> **TASK**: Say how many lines in the entries below have the word "Hsqrt" in them, giving only the number.

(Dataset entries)
(* With the notation of the context, there is a constant $L>0$ depending only on $a$ and $b$ such that for every integer $m\ge\max\{-\frac{3}{4\ln u},\frac1{6c}\}$, the truncated vector $\alpha$ defined by $\alpha_k=\nu_k$ for $k\le2m+1$ and $\alpha_k=0$ otherwise satisfies: (i) $\big|\|\alpha\|^2-\frac1{4a}\big|\le Lmu^{2m}$; (ii) $\alpha^\top\eta=0$; (iii) $\big|\alpha^\top M^\top M\alpha-1\big|\le Lm^2u^{2m}$; (iv) $\alpha^\top\mathrm{Diag}(\lambda)^{-1}\alpha\le Lm^{3/2}$.
   Context: Let $a,b>0$, $\mu=\mathcal N(0,1/(4a))$ on $\mathbb R$, $c=\sqrt{a^2+2ab}$, $u=\frac{b}{a+b+c}\in(0,1)$. $f_i(x)=(c/a)^{1/4}(2^ii!)^{-1/2}e^{-(c-a)x^2}H_i(\sqrt{2c}\,x)$ ($H_i$ physicists' Hermite polynomials) form an orthonormal basis of $L^2(\mu)$; $\lambda_i=\sqrt{\frac{2a}{a+b+c}}\,u^i$. $\eta_i=\int f_id\mu$: $\eta_{2k+1}=0$, $\eta_{2k}=(c/a)^{1/4}\sqrt{\frac{2a}{a+c}}u^k\frac{\sqrt{(2k)!}}{2^kk!}$. $M^\top M$ is the symmetric matrix with $(M^\top M)_{ii}=\frac1c(2i(a^2+c^2)+(a-c)^2)$, $(M^\top M)_{i,i+2}=(M^\top M)_{i+2,i}=\frac1c(a^2-c^2)\sqrt{(i+1)(i+2)}$, other entries zero (so $\mathbb E_\mu(f'^2)=\beta^\top M^\top M\beta$ for $f=\sum\beta_if_i$). $\nu$ is the coefficient vector of $f_*(x)=x$: $\nu_{2k}=0$, $\nu_{2k+1}=(c/a)^{1/4}\frac{\sqrt a}{2c}\big(\frac{2c}{a+c}\big)^{3/2}u^k\frac{\sqrt{(2k+1)!}}{2^kk!}$. *)

From Stdlib Require Import Reals Lra Lia Arith.
Open Scope R_scope.

Definition cst (a b : R) : R := sqrt (a ^ 2 + 2 * a * b).
Definition uu (a b : R) : R := b / (a + b + cst a b).

Definition lam (a b : R) (i : nat) : R :=
  sqrt (2 * a / (a + b + cst a b)) * uu a b ^ i.

(* eta_i = \int f_i dmu : eta_{2k+1} = 0,
   eta_{2k} = (c/a)^{1/4} sqrt(2a/(a+c)) u^k sqrt((2k)!)/(2^k k!) *)
Definition eta (a b : R) (i : nat) : R :=
  if Nat.even i then
    let k := Nat.div2 i in
    Rpower (cst a b / a) (1/4) * sqrt (2 * a / (a + cst a b)) * uu a b ^ k
      * sqrt (INR (fact (2 * k))) / (2 ^ k * INR (fact k))
  else 0.

Definition MtM (a b : R) (i j : nat) : R :=
  let c := cst a b in
  if Nat.eqb i j then (2 * INR i * (a ^ 2 + c ^ 2) + (a - c) ^ 2) / c
  else if Nat.eqb j (i + 2) then (a ^ 2 - c ^ 2) * sqrt (INR ((i + 1) * (i + 2))) / c
  else if Nat.eqb i (j + 2) then (a ^ 2 - c ^ 2) * sqrt (INR ((j + 1) * (j + 2))) / c
  else 0.

(* coefficient vector nu of f_*(x) = x : nu_{2k} = 0,
   nu_{2k+1} = (c/a)^{1/4} sqrt(a)/(2c) (2c/(a+c))^{3/2} u^k sqrt((2k+1)!)/(2^k k!) *)
Definition nu (a b : R) (i : nat) : R :=
  if Nat.even i then 0
  else
    let k := Nat.div2 i in
    let c := cst a b in
    Rpower (c / a) (1/4) * sqrt a / (2 * c) * Rpower (2 * c / (a + c)) (3/2)
      * uu a b ^ k * sqrt (INR (fact (2 * k + 1))) / (2 ^ k * INR (fact k)).

Definition alpha (a b : R) (m k : nat) : R :=
  if Nat.leb k (2 * m + 1) then nu a b k else 0.

(* Since alpha is supported on {0,...,2m+1}, all the (infinite) sums below
   reduce to finite sums over indices 0..2m+1 (sum_f_R0 f n has n+1 terms). *)
Definition sqnorm_alpha (a b : R) (m : nat) : R :=
  sum_f_R0 (fun k => alpha a b m k ^ 2) (2 * m + 1).

Definition alpha_dot_eta (a b : R) (m : nat) : R :=
  sum_f_R0 (fun k => alpha a b m k * eta a b k) (2 * m + 1).

Definition alpha_MtM_alpha (a b : R) (m : nat) : R :=
  sum_f_R0 (fun i => sum_f_R0 (fun j =>
     alpha a b m i * MtM a b i j * alpha a b m j) (2 * m + 1)) (2 * m + 1).

Definition alpha_Diaginv_alpha (a b : R) (m : nat) : R :=
  sum_f_R0 (fun k => alpha a b m k ^ 2 / lam a b k) (2 * m + 1).

From Stdlib Require Import Reals Lra Lia Arith.
Open Scope R_scope.

(* The odd coefficients of [nu] satisfy [nu_(2k+1)^2 = K^2 t_k x^k] with [x = u^2], where
   [t_k = (2k+1)!/(4^k k!^2)] are the Taylor coefficients of [(1-x)^(-3/2)], and
   [4 a K^2 = (1-x)^(3/2)].  Hence [||alpha||^2 = h_m(x)/(4a)], where [h_m] is the partial sum
   [T_m] of the series multiplied by [(1-x)^(3/2)].  Differentiating, [T_m] satisfies
   [(1-x) T_m' = 3/2 T_m - (m+3/2) t_m x^m], so [h_m] decreases from [h_m(0) = 1] and
   [1 - 3/2 t_m x^(m+1) <= h_m(x) <= 1], with [t_m <= sqrt(2m+1)].  The form
   [alpha^T M^T M alpha] only involves [T_m] and [T_m'], and the same differential equation
   collapses it to [h_m(x) + (2m+3) t_m x^(m+1) sqrt(1-x)].  Finally [alpha_k^2/lambda_k]
   is a constant multiple of [t_k], whose partial sums are [O(m^(3/2))]. *)

Definition tcoef (k : nat) : R := INR (fact (2 * k + 1)) / (4 ^ k * INR (fact k) ^ 2).

Lemma INR_fact_pos k : 0 < INR (fact k).
Proof. apply lt_0_INR, lt_O_fact. Qed.

Lemma tcoef_pos k : 0 < tcoef k.
Proof.
  unfold tcoef. pose proof (INR_fact_pos (2 * k + 1)). pose proof (INR_fact_pos k).
  apply Rdiv_lt_0_compat; [lra|]. apply Rmult_lt_0_compat; [apply pow_lt; lra | nra].
Qed.

Lemma tcoef_0 : tcoef 0 = 1.
Proof. unfold tcoef. simpl. field. Qed.

Lemma tcoef_S k : tcoef (S k) * (2 * INR k + 2) = tcoef k * (2 * INR k + 3).
Proof.
  unfold tcoef. replace (2 * S k + 1)%nat with (S (S (2 * k + 1))) by lia.
  rewrite !fact_simpl, !mult_INR, !S_INR, plus_INR, mult_INR. simpl INR.
  pose proof (INR_fact_pos (2 * k + 1)). pose proof (INR_fact_pos k). pose proof (pos_INR k).
  simpl pow. field. repeat split; try lra. apply pow_nonzero; lra.
Qed.

Lemma tcoef_sqr_le k : tcoef k ^ 2 <= 2 * INR k + 1.
Proof.
  induction k as [|k IHk].
  - rewrite tcoef_0. simpl. lra.
  - rewrite S_INR. pose proof (pos_INR k).
    assert (Hsq : tcoef (S k) ^ 2 * (2 * INR k + 2) ^ 2 = tcoef k ^ 2 * (2 * INR k + 3) ^ 2).
    { rewrite <- !Rpow_mult_distr, tcoef_S. reflexivity. }
    assert (tcoef k ^ 2 * (2 * INR k + 3) ^ 2 <= (2 * INR k + 1) * (2 * INR k + 3) ^ 2).
    { apply Rmult_le_compat_r; [apply pow2_ge_0 | exact IHk]. }
    apply Rmult_le_reg_r with ((2 * INR k + 2) ^ 2); nra.
Qed.

Lemma tcoef_le_sqrt k : tcoef k <= sqrt (2 * INR k + 1).
Proof.
  pose proof (tcoef_pos k). rewrite <- (sqrt_pow2 (tcoef k)) by lra.
  apply sqrt_le_1_alt, tcoef_sqr_le.
Qed.

Lemma tcoef_le k : tcoef k <= 2 * INR k + 1.
Proof. pose proof (tcoef_sqr_le k). pose proof (tcoef_pos k). pose proof (pos_INR k). nra. Qed.

Lemma tcoef_mul_pow_S_le m x : (1 <= m)%nat -> 0 < x < 1 ->
  tcoef m * x ^ S m <= 3 * INR m * x ^ m.
Proof.
  intros Hm Hx. pose proof (tcoef_le m). pose proof (tcoef_pos m).
  assert (1 <= INR m) by (apply (le_INR 1); assumption).
  assert (0 <= x ^ m) by (apply pow_le; lra).
  simpl pow. rewrite <- Rmult_assoc. apply Rmult_le_compat_r; nra.
Qed.

Lemma sum_tcoef_le m : (1 <= m)%nat -> sum_f_R0 tcoef m <= 4 * Rpower (INR m) (3 / 2).
Proof.
  intro Hm. assert (HM : 1 <= INR m) by (apply (le_INR 1); assumption).
  assert (Hsum : sum_f_R0 tcoef m <= (INR m + 1) * sqrt (2 * INR m + 1)).
  { rewrite Rmult_comm, <- S_INR, <- sum_cte. apply sum_Rle. intros k Hk.
    eapply Rle_trans; [apply tcoef_le_sqrt|]. apply sqrt_le_1_alt.
    pose proof (le_INR _ _ Hk). lra. }
  assert (Hsqrt : sqrt (2 * INR m + 1) <= 2 * sqrt (INR m)).
  { pose proof (sqrt_pos (INR m)). rewrite <- (sqrt_pow2 (2 * sqrt (INR m))) by lra.
    apply sqrt_le_1_alt.
    replace ((2 * sqrt (INR m)) ^ 2) with (4 * (sqrt (INR m) * sqrt (INR m))) by ring.
    rewrite sqrt_sqrt; lra. }
  replace (3 / 2) with (1 + / 2) by field.
  rewrite Rpower_plus, Rpower_1, Rpower_sqrt by lra.
  pose proof (sqrt_pos (2 * INR m + 1)). nra.
Qed.

Definition tpoly (m : nat) (x : R) : R := sum_f_R0 (fun k => tcoef k * x ^ k) m.

Definition dtpoly (m : nat) (x : R) : R :=
  sum_f_R0 (fun k => INR k * tcoef k * x ^ Nat.pred k) m.

Lemma tpoly_at_0 m : tpoly m 0 = 1.
Proof.
  induction m as [|m IHm]; unfold tpoly in *; simpl.
  - rewrite tcoef_0. ring.
  - rewrite IHm. ring.
Qed.

Lemma derivable_pt_lim_tpoly m x : derivable_pt_lim (tpoly m) x (dtpoly m x).
Proof.
  induction m as [|m IHm].
  - apply (derivable_pt_lim_ext (fun _ => tcoef 0)); [intro; unfold tpoly; simpl; ring|].
    unfold dtpoly; simpl. replace (0 * tcoef 0 * 1) with 0 by ring.
    apply derivable_pt_lim_const.
  - apply (derivable_pt_lim_ext (fun y => tpoly m y + tcoef (S m) * y ^ S m));
      [reflexivity|].
    replace (dtpoly (S m) x) with (dtpoly m x + tcoef (S m) * (INR (S m) * x ^ Nat.pred (S m)))
      by (unfold dtpoly; simpl; ring).
    apply derivable_pt_lim_plus; [exact IHm|].
    apply derivable_pt_lim_scal, derivable_pt_lim_pow.
Qed.

Lemma dtpoly_S m x : dtpoly (S m) x = sum_f_R0 (fun k => INR (S k) * tcoef (S k) * x ^ k) m.
Proof. unfold dtpoly. rewrite decomp_sum by lia. simpl. ring. Qed.

Lemma sum_f_R0_mul_index_tcoef m x :
  sum_f_R0 (fun k => INR k * tcoef k * x ^ k) m = x * dtpoly m x.
Proof.
  unfold dtpoly. induction m as [|m IHm]; [simpl; ring|].
  rewrite !tech5, IHm. simpl Nat.pred. simpl pow. ring.
Qed.

(* The differential equation [(1-x) y' = 3/2 y] of [(1-x)^(-3/2)], up to the truncation error. *)
Lemma tpoly_ode m x :
  (1 - x) * dtpoly m x - 3 / 2 * tpoly m x = - (INR m + 3 / 2) * tcoef m * x ^ m.
Proof.
  induction m as [|m IHm].
  - unfold tpoly, dtpoly; simpl. rewrite tcoef_0. ring.
  - replace ((1 - x) * dtpoly (S m) x - 3 / 2 * tpoly (S m) x)
      with (((1 - x) * dtpoly m x - 3 / 2 * tpoly m x)
            + (1 - x) * INR (S m) * tcoef (S m) * x ^ m - 3 / 2 * tcoef (S m) * x ^ S m)
      by (unfold tpoly, dtpoly; simpl; ring).
    rewrite IHm, S_INR. pose proof (tcoef_S m). pose proof (pos_INR m).
    replace (tcoef m) with (tcoef (S m) * (2 * INR m + 2) / (2 * INR m + 3))
      by (field_simplify_eq; lra).
    simpl pow. field. lra.
Qed.

Definition damped_tpoly (m : nat) (x : R) : R := tpoly m x * ((1 - x) * sqrt (1 - x)).

Lemma damped_tpoly_at_0 m : damped_tpoly m 0 = 1.
Proof. unfold damped_tpoly. rewrite tpoly_at_0, Rminus_0_r, sqrt_1. ring. Qed.

Lemma derivable_pt_lim_pow_3_2 s : s < 1 ->
  derivable_pt_lim (fun y => (1 - y) * sqrt (1 - y)) s (- (3 / 2) * sqrt (1 - s)).
Proof.
  intro Hs.
  assert (Hlin : derivable_pt_lim (fun y => 1 - y) s (-1)).
  { replace (-1) with (0 - 1) by ring.
    apply (derivable_pt_lim_minus (fct_cte 1) id);
      [apply derivable_pt_lim_const | apply derivable_pt_lim_id]. }
  assert (Hsqrt : derivable_pt_lim (fun y => sqrt (1 - y)) s (/ (2 * sqrt (1 - s)) * -1)).
  { apply (derivable_pt_lim_comp (fun y => 1 - y) sqrt); [exact Hlin|].
    apply derivable_pt_lim_sqrt. lra. }
  assert (Hpos : 0 < sqrt (1 - s)) by (apply sqrt_lt_R0; lra).
  replace (- (3 / 2) * sqrt (1 - s))
    with (-1 * sqrt (1 - s) + (1 - s) * (/ (2 * sqrt (1 - s)) * -1)).
  - apply (derivable_pt_lim_mult (fun y => 1 - y) (fun y => sqrt (1 - y))); assumption.
  - replace (1 - s) with (sqrt (1 - s) * sqrt (1 - s)) at 2 by (apply sqrt_sqrt; lra).
    field. lra.
Qed.

Lemma derivable_pt_lim_damped_tpoly m s : s < 1 ->
  derivable_pt_lim (damped_tpoly m) s (- sqrt (1 - s) * (INR m + 3 / 2) * tcoef m * s ^ m).
Proof.
  intro Hs.
  replace (- sqrt (1 - s) * (INR m + 3 / 2) * tcoef m * s ^ m)
    with (dtpoly m s * ((1 - s) * sqrt (1 - s)) + tpoly m s * (- (3 / 2) * sqrt (1 - s))).
  - apply (derivable_pt_lim_mult (tpoly m) (fun y => (1 - y) * sqrt (1 - y))).
    + apply derivable_pt_lim_tpoly.
    + now apply derivable_pt_lim_pow_3_2.
  - pose proof (tpoly_ode m s) as Hode.
    replace (- sqrt (1 - s) * (INR m + 3 / 2) * tcoef m * s ^ m)
      with (sqrt (1 - s) * (- (INR m + 3 / 2) * tcoef m * s ^ m)) by ring.
    rewrite <- Hode. ring.
Qed.

Lemma damped_tpoly_le_1 m x : 0 < x < 1 -> damped_tpoly m x <= 1.
Proof.
  intros [Hx0 Hx1].
  destruct (MVT_cor2 (damped_tpoly m)
              (fun s => - sqrt (1 - s) * (INR m + 3 / 2) * tcoef m * s ^ m) 0 x Hx0)
    as [c [Hc Hcx]].
  { intros c Hc. apply derivable_pt_lim_damped_tpoly. lra. }
  rewrite damped_tpoly_at_0 in Hc.
  assert (0 <= sqrt (1 - c) * (INR m + 3 / 2) * tcoef m * c ^ m).
  { pose proof (sqrt_pos (1 - c)). pose proof (tcoef_pos m). pose proof (pos_INR m).
    assert (0 <= c ^ m) by (apply pow_le; lra).
    apply Rmult_le_pos; [|lra]. apply Rmult_le_pos; [|lra]. apply Rmult_le_pos; lra. }
  nra.
Qed.
Section LoopAutomorphism.
Variables (K : finFieldType) (sigma : {rmorphism K -> K}) (f : {poly K}).
Hypotheses (monic_f : f \is monic) (irr_f : skew_irreducible sigma f).
Hypotheses (not_ri_f : ~ right_invariant sigma f) (gt2_f : (2 < size f)%N).
Variable H : {poly K} -> {poly K}.
Hypothesis aut_H : loop_automorphism sigma f H.
Implicit Types (x y : {poly K}) (c z : K).

Local Notation L := (Lf_mem f).
Local Notation Sf := (Sf_mul sigma f).
Local Notation Sp := (Sf_pow sigma f).

Let H_L x : L x -> L (H x). Proof. by case: aut_H => HL _ _ _; apply: HL. Qed.
Let H_inj x y : L x -> L y -> H x = H y -> x = y.
Proof. by case: aut_H => _ inj _ _; apply: inj. Qed.
Let H_onto y : L y -> exists2 x, L x & H x = y.
Proof. by case: aut_H => _ _ onto _; apply: onto. Qed.
Let H_mul x y : L x -> L y -> H (Sf x y) = Sf (H x) (H y).
Proof. by case: aut_H => _ _ _ mul; apply: mul. Qed.

Lemma Lf_C c : c != 0 -> L c%:P.
Proof.
by move=> c0; apply/andP; split; rewrite ?polyC_eq0 // /Sf_mem size_polyC c0; size_lia.
Qed.

Lemma Lf_X : L 'X.
Proof. by apply/andP; split; rewrite ?polyX_eq0 // /Sf_mem size_polyX. Qed.

Lemma Lf1 : L 1.
Proof. by rewrite -polyC1; apply: Lf_C; rewrite oner_neq0. Qed.

Lemma Lf_pow x i : L x -> L (Sp x i).
Proof. by move=> Lx; elim: i => [|i IH] /=; [exact: Lf1 | exact: Lf_mul]. Qed.

Lemma loop_aut1 : H 1 = 1.
Proof.
have /andP[H1_0 small_H1] := H_L Lf1.
have e : Sf (H 1) (H 1) = H 1.
  by rewrite -H_mul ?Lf1 // -polyC1 Sf_mulCl ?scale1r // size_polyC; size_lia.
have : Sf (H 1 - 1) (H 1) = 0.
  by rewrite Sf_mulBl // e -polyC1 Sf_mulCl // scale1r subrr.
apply: contra_eq; rewrite -subr_eq0 => nz; apply: Sf_mul_neq0 => //.
apply: leq_ltn_trans (size_polyD _ _) _.
by rewrite size_polyN gtn_max size_poly1; apply/andP; split => //; size_lia.
Qed.

Lemma loop_aut_pow x i : L x -> H (Sp x i) = Sp (H x) i.
Proof.
move=> Lx; elim: i => [|i IH] /=; first exact: loop_aut1.
by rewrite H_mul ?Lf_pow // IH.
Qed.

Lemma left_nucleus_loop_aut x : L x -> left_nucleus sigma f (H x) <-> left_nucleus sigma f x.
Proof.
move=> Lx; split=> nucl y z Ly Lz.
  apply: H_inj; rewrite ?Lf_mul //.
  by rewrite !H_mul ?Lf_mul // nucl ?H_L.
have [y' Ly' <-] := H_onto Ly; have [z' Lz' <-] := H_onto Lz.
by rewrite -!H_mul ?Lf_mul // nucl.
Qed.

Lemma Lf_const x : L x -> (size x <= 1)%N -> exists2 c, c != 0 & x = c%:P.
Proof.
move=> /andP[x0 _] le_x1; have ex := size1_polyC le_x1.
by exists x`_0 => //; apply: contraNneq x0 => x00; rewrite ex x00.
Qed.

Lemma loop_aut_const c : c != 0 -> exists2 c', c' != 0 & H c%:P = c'%:P.
Proof.
move=> c0; have LHc := H_L (Lf_C c0); apply: Lf_const => //.
apply: (size_left_nucleus monic_f not_ri_f LHc).
by apply/(left_nucleus_loop_aut (Lf_C c0)); exact: left_nucleusC.
Qed.

Lemma loop_aut_const_surj c' : c' != 0 -> exists2 c, c != 0 & H c%:P = c'%:P.
Proof.
move=> c0; have [x Lx Hx] := H_onto (Lf_C c0).
have [|c c_neq0 ex] := Lf_const Lx; last by exists c; rewrite // -ex.
apply: (size_left_nucleus monic_f not_ri_f Lx).
by apply/(left_nucleus_loop_aut Lx); rewrite Hx; exact: left_nucleusC.
Qed.

Definition tauH z := (H z%:P)`_0.

Lemma loop_aut_tauH z : z != 0 -> H z%:P = (tauH z)%:P.
Proof. by move=> z0; have [c' _ e] := loop_aut_const z0; rewrite /tauH e coefC. Qed.

Lemma tauH_neq0 z : z != 0 -> tauH z != 0.
Proof. by move=> z0; have [c' c0 e] := loop_aut_const z0; rewrite /tauH e coefC. Qed.

Lemma tauH_unit_group_aut : unit_group_aut tauH.
Proof.
split.
- exact: tauH_neq0.
- move=> x y; rewrite !inE => x0 y0 e.
  by apply/polyC_inj/H_inj; rewrite ?Lf_C // !loop_aut_tauH // e.
- move=> y y0; have [c c0 e] := loop_aut_const_surj y0.
  by exists c => //; rewrite /tauH e coefC.
- move=> x y; rewrite !inE => x0 y0; apply/polyC_inj.
  have SfCC c d : Sf c%:P d%:P = (c * d)%:P.
    rewrite Sf_mulCl -?mul_polyC -?polyCM //.
    by apply: leq_ltn_trans (size_polyC_leq1 d) _; size_lia.
  by rewrite -loop_aut_tauH ?mulf_neq0 // -SfCC H_mul ?Lf_C // !loop_aut_tauH // SfCC.
Qed.

Lemma tauH_sigma z : z != 0 -> tauH (sigma z) = sigma (tauH z).
Proof.
have [_ _ _ tauM] := tauH_unit_group_aut.
apply: mulfun_commute => [x|x|//|x y _ _]; rewrite ?fmorph_eq0 ?rmorphM //.
exact: tauH_neq0.
Qed.

Lemma loop_aut_X n : (1 < n)%N -> aut_order sigma n -> ((size f).-2 <= n)%N ->
  exists2 k, k != 0 & H 'X = k%:P * 'X.
Proof.
move=> gt1_n ord le_fn; set Y := H 'X.
have /andP[Y0 small_Y] : L Y := H_L Lf_X; rewrite /Sf_mem in small_Y.
have commY z j : z != 0 -> Y`_j * iter j sigma (tauH z) = sigma (tauH z) * Y`_j.
  move=> z0; have sz0 : sigma z != 0 by rewrite fmorph_eq0.
  have e : Sf 'X z%:P = Sf (sigma z)%:P 'X.
    by rewrite Sf_mulCr ?Sf_mulCl ?size_polyX // skew_mulXC.
  have := congr1 H e; rewrite !H_mul ?Lf_X ?Lf_C // !loop_aut_tauH // Sf_mulCr // Sf_mulCl //.
  by rewrite tauH_sigma // => /polyP/(_ j); rewrite coef_skew_mulC coefZ.
have Y_eq0 j : j != 1%N -> Y`_j = 0.
  move=> ne_j1; apply/eqP; apply: contraT => Yj0; case/eqP: ne_j1.
  have lt_jY : (j < size Y)%N.
    by rewrite ltnNge; apply: contra Yj0 => le_Yj; rewrite nth_default.
  apply: (aut_order_iter_eq_sigma ord gt1_n); first by size_lia.
  move=> w; have [->|w0] := eqVneq w 0; first by rewrite !rmorph0.
  have [_ _ onto _] := tauH_unit_group_aut; have [z z0 <-] := onto w w0.
  by apply: (mulfI Yj0); rewrite commY // mulrC.
exists Y`_1.
  apply: contraNneq Y0 => Y10; apply/eqP/polyP => j; rewrite coef0.
  by case: (eqVneq j 1%N) => [->|/Y_eq0].
rewrite mul_polyC; apply/polyP => j; rewrite coefZ coefX.
by case: (eqVneq j 1%N) => [->|/Y_eq0 ->]; rewrite ?mulr1 ?mulr0.
Qed.

Lemma loop_aut_CXnM z i : z != 0 -> (i < (size f).-1)%N ->
  H (z%:P * 'X^i) = Sf (H z%:P) (Sp (H 'X) i).
Proof.
move=> z0 lt_i; rewrite -loop_aut_pow ?Lf_X // -H_mul ?Lf_C ?Lf_pow ?Lf_X //.
by rewrite Sf_pow_X // Sf_mulCl ?mul_polyC // size_polyXn; size_lia.
Qed.

Lemma loop_aut_CXnE k z i : H 'X = k%:P * 'X -> z != 0 -> (i < (size f).-1)%N ->
  H (z%:P * 'X^i) = (tauH z * \prod_(l < i) iter l sigma k)%:P * 'X^i.
Proof.
move=> Hk z0 lt_i; rewrite loop_aut_CXnM // Hk loop_aut_tauH //.
rewrite Sf_pow_scaleX ?Sf_pow_X //; last by size_lia.
rewrite Sf_mulCl ?mul_polyC ?scalerA //.
by apply: leq_ltn_trans (size_scale_leq _ _) _; rewrite size_polyXn; size_lia.
Qed.

End LoopAutomorphism.

Lemma fpoly_monic_size (K : fieldType) (m : nat) (a : 'I_m -> K) :
  fpoly a \is monic /\ size (fpoly a) = m.+1.
Proof.
have small : (size (- \sum_(i < m) (a i)%:P * 'X^i) < size ('X^m : {poly K}))%N.
  rewrite size_polyN size_polyXn ltnS; apply/leq_sizeP => j le_mj.
  rewrite coef_sum big1 // => i _; rewrite coefCM coefXn.
  by case: eqP => [ji|]; rewrite ?mulr0 //; have := ltn_ord i; lia.
split; first by apply/monicP; rewrite lead_coefDl // lead_coefXn.
by rewrite /fpoly size_polyDl // size_polyXn.
Qed.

> **YOUR RESPONSE**: 2